Reproduce all of the data exactly, with no line skipped.

PROVIDED MATERIAL.
§

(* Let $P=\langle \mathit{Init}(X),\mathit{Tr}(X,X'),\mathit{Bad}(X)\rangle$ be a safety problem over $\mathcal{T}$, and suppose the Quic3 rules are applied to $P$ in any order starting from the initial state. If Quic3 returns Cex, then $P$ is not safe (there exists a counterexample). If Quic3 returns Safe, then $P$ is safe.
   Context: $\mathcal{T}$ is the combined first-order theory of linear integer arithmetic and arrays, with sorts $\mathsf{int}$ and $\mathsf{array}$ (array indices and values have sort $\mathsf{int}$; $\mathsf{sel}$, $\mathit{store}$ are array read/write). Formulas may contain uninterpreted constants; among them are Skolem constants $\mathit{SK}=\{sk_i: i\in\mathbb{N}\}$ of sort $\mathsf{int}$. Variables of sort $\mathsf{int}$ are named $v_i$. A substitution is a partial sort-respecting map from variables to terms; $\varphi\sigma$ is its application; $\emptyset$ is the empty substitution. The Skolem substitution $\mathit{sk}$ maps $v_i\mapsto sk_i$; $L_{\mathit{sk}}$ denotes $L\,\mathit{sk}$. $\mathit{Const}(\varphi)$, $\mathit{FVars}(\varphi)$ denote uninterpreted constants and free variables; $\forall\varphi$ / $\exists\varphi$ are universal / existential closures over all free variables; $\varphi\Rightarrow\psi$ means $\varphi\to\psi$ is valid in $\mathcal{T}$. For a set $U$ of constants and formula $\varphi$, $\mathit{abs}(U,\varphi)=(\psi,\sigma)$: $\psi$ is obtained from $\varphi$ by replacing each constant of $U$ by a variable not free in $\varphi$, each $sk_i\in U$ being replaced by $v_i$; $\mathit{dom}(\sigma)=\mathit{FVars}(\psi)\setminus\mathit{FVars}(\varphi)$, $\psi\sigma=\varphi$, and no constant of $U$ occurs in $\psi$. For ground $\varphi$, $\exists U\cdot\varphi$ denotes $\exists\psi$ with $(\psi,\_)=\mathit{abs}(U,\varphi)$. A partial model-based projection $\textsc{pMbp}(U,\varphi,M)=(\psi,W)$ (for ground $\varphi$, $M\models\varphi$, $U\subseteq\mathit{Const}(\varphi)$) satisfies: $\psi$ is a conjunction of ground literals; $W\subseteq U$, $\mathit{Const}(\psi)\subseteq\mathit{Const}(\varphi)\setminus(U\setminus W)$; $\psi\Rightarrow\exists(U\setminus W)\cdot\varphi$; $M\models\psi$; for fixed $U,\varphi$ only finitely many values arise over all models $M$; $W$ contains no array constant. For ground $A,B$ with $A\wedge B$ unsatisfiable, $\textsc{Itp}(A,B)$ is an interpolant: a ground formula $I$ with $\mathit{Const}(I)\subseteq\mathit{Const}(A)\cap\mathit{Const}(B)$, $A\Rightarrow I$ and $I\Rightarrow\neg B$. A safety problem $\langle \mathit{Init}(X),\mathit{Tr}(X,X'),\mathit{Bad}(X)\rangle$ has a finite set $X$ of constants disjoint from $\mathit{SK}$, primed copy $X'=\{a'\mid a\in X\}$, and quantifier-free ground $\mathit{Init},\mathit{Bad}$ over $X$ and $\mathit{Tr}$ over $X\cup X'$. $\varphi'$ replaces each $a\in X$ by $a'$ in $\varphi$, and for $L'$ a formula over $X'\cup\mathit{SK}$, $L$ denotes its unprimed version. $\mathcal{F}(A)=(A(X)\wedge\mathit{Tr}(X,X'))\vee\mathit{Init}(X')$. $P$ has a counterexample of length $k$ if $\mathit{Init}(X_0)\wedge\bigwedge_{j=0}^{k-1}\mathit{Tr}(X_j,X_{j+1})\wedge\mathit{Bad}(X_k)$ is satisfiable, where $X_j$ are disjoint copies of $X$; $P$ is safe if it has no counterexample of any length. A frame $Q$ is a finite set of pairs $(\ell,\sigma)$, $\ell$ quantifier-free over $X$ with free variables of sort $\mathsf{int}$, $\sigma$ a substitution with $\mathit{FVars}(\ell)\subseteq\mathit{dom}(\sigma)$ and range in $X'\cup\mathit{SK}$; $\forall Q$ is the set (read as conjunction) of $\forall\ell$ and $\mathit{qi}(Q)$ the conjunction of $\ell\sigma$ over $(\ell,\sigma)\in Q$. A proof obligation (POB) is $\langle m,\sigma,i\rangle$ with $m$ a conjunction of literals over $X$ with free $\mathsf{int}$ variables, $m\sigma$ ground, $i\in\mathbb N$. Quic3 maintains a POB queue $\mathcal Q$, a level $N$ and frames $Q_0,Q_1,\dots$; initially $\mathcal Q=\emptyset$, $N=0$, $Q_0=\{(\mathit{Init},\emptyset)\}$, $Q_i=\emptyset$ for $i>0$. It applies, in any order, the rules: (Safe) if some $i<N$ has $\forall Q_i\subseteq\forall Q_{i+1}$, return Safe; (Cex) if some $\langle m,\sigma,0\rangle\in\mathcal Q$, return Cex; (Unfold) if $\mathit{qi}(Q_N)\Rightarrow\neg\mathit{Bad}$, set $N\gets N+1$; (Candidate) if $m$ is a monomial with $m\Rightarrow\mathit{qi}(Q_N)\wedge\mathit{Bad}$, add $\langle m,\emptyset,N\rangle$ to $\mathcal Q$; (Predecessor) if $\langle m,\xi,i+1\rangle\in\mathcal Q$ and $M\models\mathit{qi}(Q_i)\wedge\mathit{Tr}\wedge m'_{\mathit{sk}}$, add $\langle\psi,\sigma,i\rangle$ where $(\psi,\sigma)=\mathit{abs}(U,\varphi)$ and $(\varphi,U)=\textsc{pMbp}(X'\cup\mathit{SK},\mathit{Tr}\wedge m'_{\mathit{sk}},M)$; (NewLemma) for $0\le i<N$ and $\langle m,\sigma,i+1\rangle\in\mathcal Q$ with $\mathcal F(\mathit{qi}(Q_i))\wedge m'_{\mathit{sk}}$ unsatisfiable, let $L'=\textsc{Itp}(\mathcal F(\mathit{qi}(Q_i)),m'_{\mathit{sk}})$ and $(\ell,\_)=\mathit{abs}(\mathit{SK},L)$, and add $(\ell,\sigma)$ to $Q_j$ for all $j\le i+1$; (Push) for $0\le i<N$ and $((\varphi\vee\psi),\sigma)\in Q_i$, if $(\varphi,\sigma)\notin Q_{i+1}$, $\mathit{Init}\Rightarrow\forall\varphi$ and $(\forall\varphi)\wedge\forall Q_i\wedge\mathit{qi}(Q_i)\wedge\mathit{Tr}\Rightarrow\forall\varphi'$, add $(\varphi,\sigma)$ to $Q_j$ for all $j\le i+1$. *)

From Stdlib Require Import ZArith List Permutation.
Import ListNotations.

§

THE COMPLETED TASK.
(* Let $P=\langle \mathit{Init}(X),\mathit{Tr}(X,X'),\mathit{Bad}(X)\rangle$ be a safety problem over $\mathcal{T}$, and suppose the Quic3 rules are applied to $P$ in any order starting from the initial state. If Quic3 returns Cex, then $P$ is not safe (there exists a counterexample). If Quic3 returns Safe, then $P$ is safe.
   Context: $\mathcal{T}$ is the combined first-order theory of linear integer arithmetic and arrays, with sorts $\mathsf{int}$ and $\mathsf{array}$ (array indices and values have sort $\mathsf{int}$; $\mathsf{sel}$, $\mathit{store}$ are array read/write). Formulas may contain uninterpreted constants; among them are Skolem constants $\mathit{SK}=\{sk_i: i\in\mathbb{N}\}$ of sort $\mathsf{int}$. Variables of sort $\mathsf{int}$ are named $v_i$. A substitution is a partial sort-respecting map from variables to terms; $\varphi\sigma$ is its application; $\emptyset$ is the empty substitution. The Skolem substitution $\mathit{sk}$ maps $v_i\mapsto sk_i$; $L_{\mathit{sk}}$ denotes $L\,\mathit{sk}$. $\mathit{Const}(\varphi)$, $\mathit{FVars}(\varphi)$ denote uninterpreted constants and free variables; $\forall\varphi$ / $\exists\varphi$ are universal / existential closures over all free variables; $\varphi\Rightarrow\psi$ means $\varphi\to\psi$ is valid in $\mathcal{T}$. For a set $U$ of constants and formula $\varphi$, $\mathit{abs}(U,\varphi)=(\psi,\sigma)$: $\psi$ is obtained from $\varphi$ by replacing each constant of $U$ by a variable not free in $\varphi$, each $sk_i\in U$ being replaced by $v_i$; $\mathit{dom}(\sigma)=\mathit{FVars}(\psi)\setminus\mathit{FVars}(\varphi)$, $\psi\sigma=\varphi$, and no constant of $U$ occurs in $\psi$. For ground $\varphi$, $\exists U\cdot\varphi$ denotes $\exists\psi$ with $(\psi,\_)=\mathit{abs}(U,\varphi)$. A partial model-based projection $\textsc{pMbp}(U,\varphi,M)=(\psi,W)$ (for ground $\varphi$, $M\models\varphi$, $U\subseteq\mathit{Const}(\varphi)$) satisfies: $\psi$ is a conjunction of ground literals; $W\subseteq U$, $\mathit{Const}(\psi)\subseteq\mathit{Const}(\varphi)\setminus(U\setminus W)$; $\psi\Rightarrow\exists(U\setminus W)\cdot\varphi$; $M\models\psi$; for fixed $U,\varphi$ only finitely many values arise over all models $M$; $W$ contains no array constant. For ground $A,B$ with $A\wedge B$ unsatisfiable, $\textsc{Itp}(A,B)$ is an interpolant: a ground formula $I$ with $\mathit{Const}(I)\subseteq\mathit{Const}(A)\cap\mathit{Const}(B)$, $A\Rightarrow I$ and $I\Rightarrow\neg B$. A safety problem $\langle \mathit{Init}(X),\mathit{Tr}(X,X'),\mathit{Bad}(X)\rangle$ has a finite set $X$ of constants disjoint from $\mathit{SK}$, primed copy $X'=\{a'\mid a\in X\}$, and quantifier-free ground $\mathit{Init},\mathit{Bad}$ over $X$ and $\mathit{Tr}$ over $X\cup X'$. $\varphi'$ replaces each $a\in X$ by $a'$ in $\varphi$, and for $L'$ a formula over $X'\cup\mathit{SK}$, $L$ denotes its unprimed version. $\mathcal{F}(A)=(A(X)\wedge\mathit{Tr}(X,X'))\vee\mathit{Init}(X')$. $P$ has a counterexample of length $k$ if $\mathit{Init}(X_0)\wedge\bigwedge_{j=0}^{k-1}\mathit{Tr}(X_j,X_{j+1})\wedge\mathit{Bad}(X_k)$ is satisfiable, where $X_j$ are disjoint copies of $X$; $P$ is safe if it has no counterexample of any length. A frame $Q$ is a finite set of pairs $(\ell,\sigma)$, $\ell$ quantifier-free over $X$ with free variables of sort $\mathsf{int}$, $\sigma$ a substitution with $\mathit{FVars}(\ell)\subseteq\mathit{dom}(\sigma)$ and range in $X'\cup\mathit{SK}$; $\forall Q$ is the set (read as conjunction) of $\forall\ell$ and $\mathit{qi}(Q)$ the conjunction of $\ell\sigma$ over $(\ell,\sigma)\in Q$. A proof obligation (POB) is $\langle m,\sigma,i\rangle$ with $m$ a conjunction of literals over $X$ with free $\mathsf{int}$ variables, $m\sigma$ ground, $i\in\mathbb N$. Quic3 maintains a POB queue $\mathcal Q$, a level $N$ and frames $Q_0,Q_1,\dots$; initially $\mathcal Q=\emptyset$, $N=0$, $Q_0=\{(\mathit{Init},\emptyset)\}$, $Q_i=\emptyset$ for $i>0$. It applies, in any order, the rules: (Safe) if some $i<N$ has $\forall Q_i\subseteq\forall Q_{i+1}$, return Safe; (Cex) if some $\langle m,\sigma,0\rangle\in\mathcal Q$, return Cex; (Unfold) if $\mathit{qi}(Q_N)\Rightarrow\neg\mathit{Bad}$, set $N\gets N+1$; (Candidate) if $m$ is a monomial with $m\Rightarrow\mathit{qi}(Q_N)\wedge\mathit{Bad}$, add $\langle m,\emptyset,N\rangle$ to $\mathcal Q$; (Predecessor) if $\langle m,\xi,i+1\rangle\in\mathcal Q$ and $M\models\mathit{qi}(Q_i)\wedge\mathit{Tr}\wedge m'_{\mathit{sk}}$, add $\langle\psi,\sigma,i\rangle$ where $(\psi,\sigma)=\mathit{abs}(U,\varphi)$ and $(\varphi,U)=\textsc{pMbp}(X'\cup\mathit{SK},\mathit{Tr}\wedge m'_{\mathit{sk}},M)$; (NewLemma) for $0\le i<N$ and $\langle m,\sigma,i+1\rangle\in\mathcal Q$ with $\mathcal F(\mathit{qi}(Q_i))\wedge m'_{\mathit{sk}}$ unsatisfiable, let $L'=\textsc{Itp}(\mathcal F(\mathit{qi}(Q_i)),m'_{\mathit{sk}})$ and $(\ell,\_)=\mathit{abs}(\mathit{SK},L)$, and add $(\ell,\sigma)$ to $Q_j$ for all $j\le i+1$; (Push) for $0\le i<N$ and $((\varphi\vee\psi),\sigma)\in Q_i$, if $(\varphi,\sigma)\notin Q_{i+1}$, $\mathit{Init}\Rightarrow\forall\varphi$ and $(\forall\varphi)\wedge\forall Q_i\wedge\mathit{qi}(Q_i)\wedge\mathit{Tr}\Rightarrow\forall\varphi'$, add $(\varphi,\sigma)$ to $Q_j$ for all $j\le i+1$. *)

From Stdlib Require Import ZArith List Permutation.
Import ListNotations.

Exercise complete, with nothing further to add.